I started the product side of my business then - spoiler alert, my products didn't start making me real money until five years later, so if you just started out and you're struggling, it takes a lot of patience and hard work.
Back in 2012, I had a vague idea of what I wanted to sell, and really no plan as to how I'd actually make money on it. Business lesson number one: make something that people want to buy. At the time, I was making random stuff and exploring my creativity, not planning it out in a commerce-based way. I was painting wine glasses and making seed bead necklaces, hoping that the customers would just kind of fall out of the sky.
At the time, my passion for branding got WAY ahead of me. I kind of wanted to make jewelry one day, so I made basically the dumbest purchase ever. I decided that if I DID decide to make and sell jewelry, I'd really want nice boxes and tissue paper. (Remember, I wasn't making much jewelry at the time - I was thinking that I MIGHT do it in the future).
I got a wholesale catalogue and bought a HUGE quantity of kraft boxes, gift bags, and hot pink tissue paper.

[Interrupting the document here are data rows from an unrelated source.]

(* In the setting of the context, if $\mathcal{Q}\cap\mathcal{M}\ne\emptyset$, then the market does not admit strong $\rho$-arbitrage.
   Context: Let $(\Omega,\mathcal{F},\mathbb{P})$ be a probability space and a market: riskless asset $S^0_0=1$, $S^0_1=1+r$, $r>-1$; risky assets $S^1,\dots,S^d$ with constants $S^i_0>0$ and real-valued $\mathcal{F}$-measurable $S^i_1$; returns $R^i:=(S^i_1-S^i_0)/S^i_0$. Standing assumptions: nonredundancy (if $\theta\in\mathbb{R}^{1+d}$ with $\sum_{i=0}^d\theta^iS^i_t=0$ a.s. for $t\in\{0,1\}$ then $\theta=0$), $R^i\in L^1$, $\mathbb{E}[R^i]\ne r$ for some $i$. Excess return: $X_\pi:=\pi\cdot(R-r\mathbf{1})$. $L$ is a Riesz space with $L^\infty\subset L\subset L^1$ containing all $X_\pi$. $\mathcal{D}:=\{Z\in L^1:Z\ge0,\mathbb{E}[Z]=1\}$; $\mathcal{Q}\subset\mathcal{D}$ is convex with $1\in\mathcal{Q}$ and $\rho(X)=\sup_{Z\in\mathcal{Q}}\mathbb{E}[-ZX]$ on $L$, with $\mathbb{E}[-ZX]:=\mathbb{E}[ZX^-]-\mathbb{E}[ZX^+]$ and $\mathbb{E}[-ZX]=\infty$ if $\mathbb{E}[ZX^-]=\infty$. $\mathcal{M}:=\{Z\in\mathcal{D}:\mathbb{E}[Z(R^i-r)]=0\ \forall i\}$. Strong $\rho$-arbitrage: for every $\pi$ there is $\pi'$ with $\mathbb{E}[X_{\pi'}]>\mathbb{E}[X_\pi]$ and $\rho(X_{\pi'})<\rho(X_\pi)$. *)

From HB Require Import structures.
From mathcomp Require Import all_boot all_order all_algebra.
From mathcomp Require Import all_classical all_reals all_analysis.
Set Implicit Arguments. Unset Strict Implicit. Unset Printing Implicit Defensive.
Import Order.TTheory GRing.Theory Num.Theory.
Local Open Scope classical_set_scope.
Local Open Scope ring_scope.

Section Market.
Context {dT : measure_display} {T : measurableType dT} {R : realType}.
Variable P : probability T R.
Variable n : nat. (* number d of risky assets *)

Definition ret (S0 : 'I_n -> R) (S1 : 'I_n -> T -> R) (i : 'I_n) : T -> R :=
  fun w => (S1 i w - S0 i) / S0 i.

Definition Xpi (S0 : 'I_n -> R) (S1 : 'I_n -> T -> R) (r : R) (pi : 'I_n -> R)
  : T -> R := fun w => \sum_(i < n) pi i * (ret S0 S1 i w - r).

Definition nonredundant (S0 : 'I_n -> R) (S1 : 'I_n -> T -> R) (r : R) : Prop :=
  forall (th0 : R) (th : 'I_n -> R),
    th0 * 1 + \sum_(i < n) th i * S0 i = 0 ->
    {ae P, forall w, th0 * (1 + r) + \sum_(i < n) th i * S1 i w = 0} ->
    th0 = 0 /\ (forall i, th i = 0).

Definition Ex (X : T -> R) : \bar R := (\int[P]_w (X w)%:E)%E.

Definition densities : set (T -> R) :=
  [set Z : T -> R | [/\ measurable_fun setT Z, (forall w, 0 <= Z w),
               P.-integrable setT (EFin \o Z) & Ex Z = 1%E]].

(* E[-Z X] := E[Z X^-] - E[Z X^+], and +oo if E[Z X^-] = +oo *)
Definition EnegZX (Z X : T -> R) : \bar R :=
  let a := (\int[P]_w (Z w * Num.max (- X w) 0)%:E)%E in
  if a == +oo%E then +oo%E
  else (a - \int[P]_w (Z w * Num.max (X w) 0)%:E)%E.

Definition rho (Q : set (T -> R)) (X : T -> R) : \bar R :=
  ereal_sup [set EnegZX Z X | Z in Q].

Definition mart_densities (S0 : 'I_n -> R) (S1 : 'I_n -> T -> R) (r : R)
  : set (T -> R) :=
  [set Z : T -> R | densities Z /\
     forall i : 'I_n,
       P.-integrable setT (EFin \o (fun w => Z w * (ret S0 S1 i w - r))) /\
       Ex (fun w => Z w * (ret S0 S1 i w - r)) = 0%E].

Definition riesz_space (L : set (T -> R)) : Prop :=
  [/\ L (fun _ => 0),
      (forall f g, L f -> L g -> L (fun w => f w + g w)),
      (forall (a : R) f, L f -> L (fun w => a * f w)) &
      (forall f, L f -> L (fun w => Num.max (f w) 0))].

Definition Linf_sub (L : set (T -> R)) : Prop :=
  forall f : T -> R, measurable_fun setT f ->
    (exists M : R, {ae P, forall w, `|f w| <= M}) -> L f.

Definition sub_L1 (L : set (T -> R)) : Prop :=
  forall f, L f -> P.-integrable setT (EFin \o f).

Definition strong_rho_arbitrage (Q : set (T -> R)) (S0 : 'I_n -> R)
  (S1 : 'I_n -> T -> R) (r : R) : Prop :=
  forall pi : 'I_n -> R, exists pi' : 'I_n -> R,
    (Ex (Xpi S0 S1 r pi) < Ex (Xpi S0 S1 r pi'))%E /\
    (rho Q (Xpi S0 S1 r pi') < rho Q (Xpi S0 S1 r pi))%E.

End Market.

From HB Require Import structures.
From mathcomp Require Import all_boot all_order all_algebra.
From mathcomp Require Import all_classical all_reals all_analysis.

Set Implicit Arguments.
Unset Strict Implicit.
Unset Printing Implicit Defensive.
Import Order.TTheory GRing.Theory Num.Theory.
Local Open Scope classical_set_scope.
Local Open Scope ring_scope.

(* A martingale density Z in Q prices every excess return at zero, so
   rho(X_pi) >= E[-Z X_pi] = 0 for every pi, whereas rho(X_0) = rho(0) <= 0:
   no portfolio pi' has strictly smaller risk than the null portfolio. *)

Section Market.
Context {dT : measure_display} {T : measurableType dT} {R : realType}.
Variable P : probability T R.

Lemma EnegZX_integrableE (Z X : T -> R) :
  (forall w, 0 <= Z w) ->
  P.-integrable setT (EFin \o (fun w => Z w * X w)) ->
  EnegZX P Z X = (- \int[P]_w (Z w * X w)%:E)%E.
Proof.
move=> Z0 iZX; set f := fun w => Z w * X w.
have negE : (\int[P]_w (Z w * Num.max (- X w) 0)%:E
             = \int[P]_w (EFin \o f)^\- w)%E.
  apply: eq_integral => w _; rewrite funenegE /= -EFin_max; congr (_%:E).
  by rewrite maxr_pMr // mulr0 /f mulrN.
have posE : (\int[P]_w (Z w * Num.max (X w) 0)%:E
             = \int[P]_w (EFin \o f)^\+ w)%E.
  apply: eq_integral => w _; rewrite funeposE /= -EFin_max; congr (_%:E).
  by rewrite maxr_pMr // mulr0.
have negfin := integrable_neg_fin_num measurableT iZX.
have posfin := integrable_pos_fin_num measurableT iZX.
rewrite /EnegZX /= negE posE.
rewrite -[RHS]/(- \int[P]_w (EFin \o f) w)%E [in RHS]integralE.
rewrite -(fineK negfin) -(fineK posfin) /=.
by rewrite -EFinD opprB addrC.
Qed.

Lemma EnegZX0 (Z : T -> R) : (forall w, 0 <= Z w) -> EnegZX P Z (fun=> 0) = 0%E.
Proof.
move=> Z0; rewrite EnegZX_integrableE //.
  by under eq_integral do rewrite mulr0; rewrite integral0 oppe0.
by under eq_fun do rewrite mulr0; exact: integrable0.
Qed.

Lemma EnegZX_le_rho (Q : set (T -> R)) (Z X : T -> R) :
  Q Z -> (EnegZX P Z X <= rho P Q X)%E.
Proof. by move=> QZ; apply: ereal_sup_ubound; exists Z. Qed.

Lemma rho0_le0 (Q : set (T -> R)) :
  Q `<=` densities P -> (rho P Q (fun=> 0%R) <= 0)%E.
Proof.
move=> QD; apply: ge_ereal_sup => _ [Z /QD [_ Z0 _ _] <-].
by rewrite EnegZX0.
Qed.

Variable n : nat.
Variables (r : R) (S0 : 'I_n -> R) (S1 : 'I_n -> T -> R).

Lemma Xpi0 : Xpi S0 S1 r (fun=> 0) = fun=> 0.
Proof. by apply: funext => w; rewrite /Xpi big1 // => i _; rewrite mul0r. Qed.

Section MartingaleDensity.
Variable Z : T -> R.
Hypothesis ZM : mart_densities P S0 S1 r Z.

Let Zret i w := Z w * (ret S0 S1 i w - r).

Let ZXpiE (pi : 'I_n -> R) :
  EFin \o (fun w => Z w * Xpi S0 S1 r pi w)
  = (fun w => \sum_(i < n) (pi i)%:E * (Zret i w)%:E)%E.
Proof.
apply: funext => w /=; rewrite sumEFin /Xpi mulr_sumr; congr (_%:E).
by apply: eq_bigr => i _; rewrite /Zret mulrCA.
Qed.

Let Zret_integrable i : P.-integrable setT (EFin \o Zret i).
Proof. by case: ZM => _ /(_ i) []. Qed.

Lemma mart_density_Xpi_integrable (pi : 'I_n -> R) :
  P.-integrable setT (EFin \o (fun w => Z w * Xpi S0 S1 r pi w)).
Proof.
rewrite ZXpiE; apply: (integrable_sum measurableT) => i _.
by apply: (integrableZl measurableT); exact: Zret_integrable.
Qed.

Lemma mart_density_Xpi_integral (pi : 'I_n -> R) :
  (\int[P]_w (Z w * Xpi S0 S1 r pi w)%:E = 0)%E.
Proof.
rewrite -[LHS]/(\int[P]_w (EFin \o (fun w => Z w * Xpi S0 S1 r pi w)%R) w)%E.
rewrite ZXpiE (integral_sum measurableT); last first.
  by move=> i; apply: (integrableZl measurableT); exact: Zret_integrable.
apply: big1 => i _.
rewrite (integralZl measurableT); last exact: Zret_integrable.
by case: ZM => _ /(_ i) [_]; rewrite /Ex => ->; rewrite mule0.
Qed.

Lemma mart_density_EnegZX_Xpi (pi : 'I_n -> R) :
  EnegZX P Z (Xpi S0 S1 r pi) = 0%E.
Proof.
case: ZM => -[_ Z0 _ _] _.
rewrite EnegZX_integrableE //; last exact: mart_density_Xpi_integrable.
by rewrite mart_density_Xpi_integral oppe0.
Qed.

End MartingaleDensity.

Lemma rho_Xpi_ge0 (Q : set (T -> R)) (pi : 'I_n -> R) :
  Q `&` mart_densities P S0 S1 r !=set0 -> (0 <= rho P Q (Xpi S0 S1 r pi))%E.
Proof.
move=> [Z [QZ ZM]].
by rewrite -(mart_density_EnegZX_Xpi ZM pi); exact: EnegZX_le_rho.
Qed.

End Market.

Theorem proposition4p14 (dT : measure_display) (T : measurableType dT)
  (R : realType) (P : probability T R) (n : nat)
  (r : R) (S0 : 'I_n -> R) (S1 : 'I_n -> T -> R)
  (L : set (T -> R)) (Q : set (T -> R)) :
  -1 < r ->
  (forall i, 0 < S0 i) ->
  (forall i, measurable_fun setT (S1 i)) ->
  nonredundant P S0 S1 r ->
  (forall i, P.-integrable setT (EFin \o ret S0 S1 i)) ->
  (exists i, Ex P (ret S0 S1 i) <> r%:E) ->
  riesz_space L -> Linf_sub P L -> sub_L1 P L ->
  (forall pi : 'I_n -> R, L (Xpi S0 S1 r pi)) ->
  Q `<=` densities P ->
  (forall Z1 Z2 (t : R), Q Z1 -> Q Z2 -> 0 <= t -> t <= 1 ->
     Q (fun w => t * Z1 w + (1 - t) * Z2 w)) ->
  Q (fun _ => 1) ->
  Q `&` mart_densities P S0 S1 r !=set0 ->
  ~ strong_rho_arbitrage P Q S0 S1 r.
Proof.
move=> _ _ _ _ _ _ _ _ _ _ QD _ _ QM /(_ (fun=> 0)) [pi' [_ rho_lt]].
rewrite Xpi0 in rho_lt.
have := le_lt_trans (rho_Xpi_ge0 pi' QM) rho_lt.
by rewrite ltNge rho0_le0.
Qed.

That's not the dumbest part.
If I still had this stuff now, I could easily unload and make some of my money back.
Why can't I do that?
Cause I stuck a huge branded label on each and every box and bag. It's an old, out-of-date logo of an old business name that I don't use anymore. So, I basically wasted a few hundred dollars on a bunch of junk I couldn't even resell.
When cleaning out my office a few years ago, I sadly had to recycle the kraft boxes and bags with the big ugly label on them.
I kept the enormous quantity of hot pink tissue paper, though - and every single gift I give has a few sheets of it tucked into the bag. I don't think I'll ever get rid of it all!
LESSON LEARNED: Don't buy expensive packaging materials before you even have a product for them - and don't stick big labels on them all at once!